• [Exercise aim] Give back every record below precisely as written.

Segment Start: Information provided

(* Let $k$ be a finite field and $n\geq 2$. Then the kernel of the natural homomorphism $\mathrm{BCr}_n(k)\to\mathrm{Sym}(\mathbb{P}^n(k))$ is not a normal subgroup of $\mathrm{Cr}_n(k)$.
   Context: $\mathrm{Cr}_n(k)$ is the group of birational self-maps of $\mathbb{P}^n$ defined over $k$, and $\mathrm{BCr}_n(k)$ is the subgroup of those $f$ such that both $f$ and $f^{-1}$ are defined at every point of $\mathbb{P}^n(k)$; the natural homomorphism sends such $f$ to the permutation it induces on $\mathbb{P}^n(k)$. *)

From HB Require Import structures.
From mathcomp Require Import all_boot all_algebra.
From mathcomp Require Import mpoly.
Set Implicit Arguments. Unset Strict Implicit. Unset Printing Implicit Defensive.
Import GRing.Theory.
Local Open Scope ring_scope.

(* Rational self-maps of P^(m-1) over a field k are represented by m-tuples
   of homogeneous polynomials of a common degree in m variables x_0..x_{m-1}
   (homogeneous coordinates).  Here m = n+1 for P^n. *)

Definition ratmap (k : fieldType) (m : nat) := m.-tuple {mpoly k[m]}.

Definition homog_map (k : fieldType) (m : nat) (F : ratmap k m) : Prop :=
  exists d : nat, forall i : 'I_m, tnth F i \is d.-homog.

Definition nonzero_map (k : fieldType) (m : nat) (F : ratmap k m) : Prop :=
  exists i : 'I_m, tnth F i != 0.

Definition equiv_map (k : fieldType) (m : nat) (F G : ratmap k m) : Prop :=
  [/\ nonzero_map F, nonzero_map G &
      forall i j : 'I_m, tnth F i * tnth G j = tnth F j * tnth G i].

Definition comp_map (k : fieldType) (m : nat) (F G : ratmap k m) : ratmap k m :=
  [tuple (tnth F i \mPo G) | i < m].

Definition id_map (k : fieldType) (m : nat) : ratmap k m :=
  [tuple 'X_i | i < m].

Definition is_inverse (k : fieldType) (m : nat) (F G : ratmap k m) : Prop :=
  [/\ homog_map G, equiv_map (comp_map G F) (id_map k m)
    & equiv_map (comp_map F G) (id_map k m)].

Definition birational (k : fieldType) (m : nat) (F : ratmap k m) : Prop :=
  homog_map F /\ exists G, is_inverse F G.

(* k-points of P^(m-1): nonzero coordinate vectors (up to scalars) *)
Definition kpoint (k : fieldType) (m : nat) (v : 'I_m -> k) : Prop :=
  exists i : 'I_m, v i != 0.

Definition eval_map (k : fieldType) (m : nat) (F : ratmap k m) (v : 'I_m -> k)
  : 'I_m -> k := fun i => (tnth F i).@[v].

Definition defined_at (k : fieldType) (m : nat) (F : ratmap k m)
  (v : 'I_m -> k) : Prop :=
  exists G : ratmap k m, [/\ homog_map G, equiv_map F G & kpoint (eval_map G v)].

Definition fixes_point (k : fieldType) (m : nat) (F : ratmap k m)
  (v : 'I_m -> k) : Prop :=
  forall G : ratmap k m, homog_map G -> equiv_map F G -> kpoint (eval_map G v) ->
    forall i j : 'I_m, eval_map G v i * v j = eval_map G v j * v i.

Definition in_BCr (k : fieldType) (m : nat) (F : ratmap k m) : Prop :=
  [/\ birational F,
      (forall v, kpoint v -> defined_at F v) &
      exists Fi, is_inverse F Fi /\ (forall v, kpoint v -> defined_at Fi v)].

Definition in_BCr_kernel (k : fieldType) (m : nat) (F : ratmap k m) : Prop :=
  in_BCr F /\ (forall v, kpoint v -> fixes_point F v).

Segment End: Information provided

• [Answer box]
(* Let $k$ be a finite field and $n\geq 2$. Then the kernel of the natural homomorphism $\mathrm{BCr}_n(k)\to\mathrm{Sym}(\mathbb{P}^n(k))$ is not a normal subgroup of $\mathrm{Cr}_n(k)$.
   Context: $\mathrm{Cr}_n(k)$ is the group of birational self-maps of $\mathbb{P}^n$ defined over $k$, and $\mathrm{BCr}_n(k)$ is the subgroup of those $f$ such that both $f$ and $f^{-1}$ are defined at every point of $\mathbb{P}^n(k)$; the natural homomorphism sends such $f$ to the permutation it induces on $\mathbb{P}^n(k)$. *)

From HB Require Import structures.
From mathcomp Require Import all_boot all_algebra.
From mathcomp Require Import mpoly.
Set Implicit Arguments. Unset Strict Implicit. Unset Printing Implicit Defensive.
Import GRing.Theory.
Local Open Scope ring_scope.

(* Rational self-maps of P^(m-1) over a field k are represented by m-tuples
   of homogeneous polynomials of a common degree in m variables x_0..x_{m-1}
   (homogeneous coordinates).  Here m = n+1 for P^n. *)

Definition ratmap (k : fieldType) (m : nat) := m.-tuple {mpoly k[m]}.

Definition homog_map (k : fieldType) (m : nat) (F : ratmap k m) : Prop :=
  exists d : nat, forall i : 'I_m, tnth F i \is d.-homog.

Definition nonzero_map (k : fieldType) (m : nat) (F : ratmap k m) : Prop :=
  exists i : 'I_m, tnth F i != 0.

Definition equiv_map (k : fieldType) (m : nat) (F G : ratmap k m) : Prop :=
  [/\ nonzero_map F, nonzero_map G &
      forall i j : 'I_m, tnth F i * tnth G j = tnth F j * tnth G i].

Definition comp_map (k : fieldType) (m : nat) (F G : ratmap k m) : ratmap k m :=
  [tuple (tnth F i \mPo G) | i < m].

Definition id_map (k : fieldType) (m : nat) : ratmap k m :=
  [tuple 'X_i | i < m].

Definition is_inverse (k : fieldType) (m : nat) (F G : ratmap k m) : Prop :=
  [/\ homog_map G, equiv_map (comp_map G F) (id_map k m)
    & equiv_map (comp_map F G) (id_map k m)].

Definition birational (k : fieldType) (m : nat) (F : ratmap k m) : Prop :=
  homog_map F /\ exists G, is_inverse F G.

(* k-points of P^(m-1): nonzero coordinate vectors (up to scalars) *)
Definition kpoint (k : fieldType) (m : nat) (v : 'I_m -> k) : Prop :=
  exists i : 'I_m, v i != 0.

Definition eval_map (k : fieldType) (m : nat) (F : ratmap k m) (v : 'I_m -> k)
  : 'I_m -> k := fun i => (tnth F i).@[v].

Definition defined_at (k : fieldType) (m : nat) (F : ratmap k m)
  (v : 'I_m -> k) : Prop :=
  exists G : ratmap k m, [/\ homog_map G, equiv_map F G & kpoint (eval_map G v)].

Definition fixes_point (k : fieldType) (m : nat) (F : ratmap k m)
  (v : 'I_m -> k) : Prop :=
  forall G : ratmap k m, homog_map G -> equiv_map F G -> kpoint (eval_map G v) ->
    forall i j : 'I_m, eval_map G v i * v j = eval_map G v j * v i.

Definition in_BCr (k : fieldType) (m : nat) (F : ratmap k m) : Prop :=
  [/\ birational F,
      (forall v, kpoint v -> defined_at F v) &
      exists Fi, is_inverse F Fi /\ (forall v, kpoint v -> defined_at Fi v)].

Definition in_BCr_kernel (k : fieldType) (m : nat) (F : ratmap k m) : Prop :=
  in_BCr F /\ (forall v, kpoint v -> fixes_point F v).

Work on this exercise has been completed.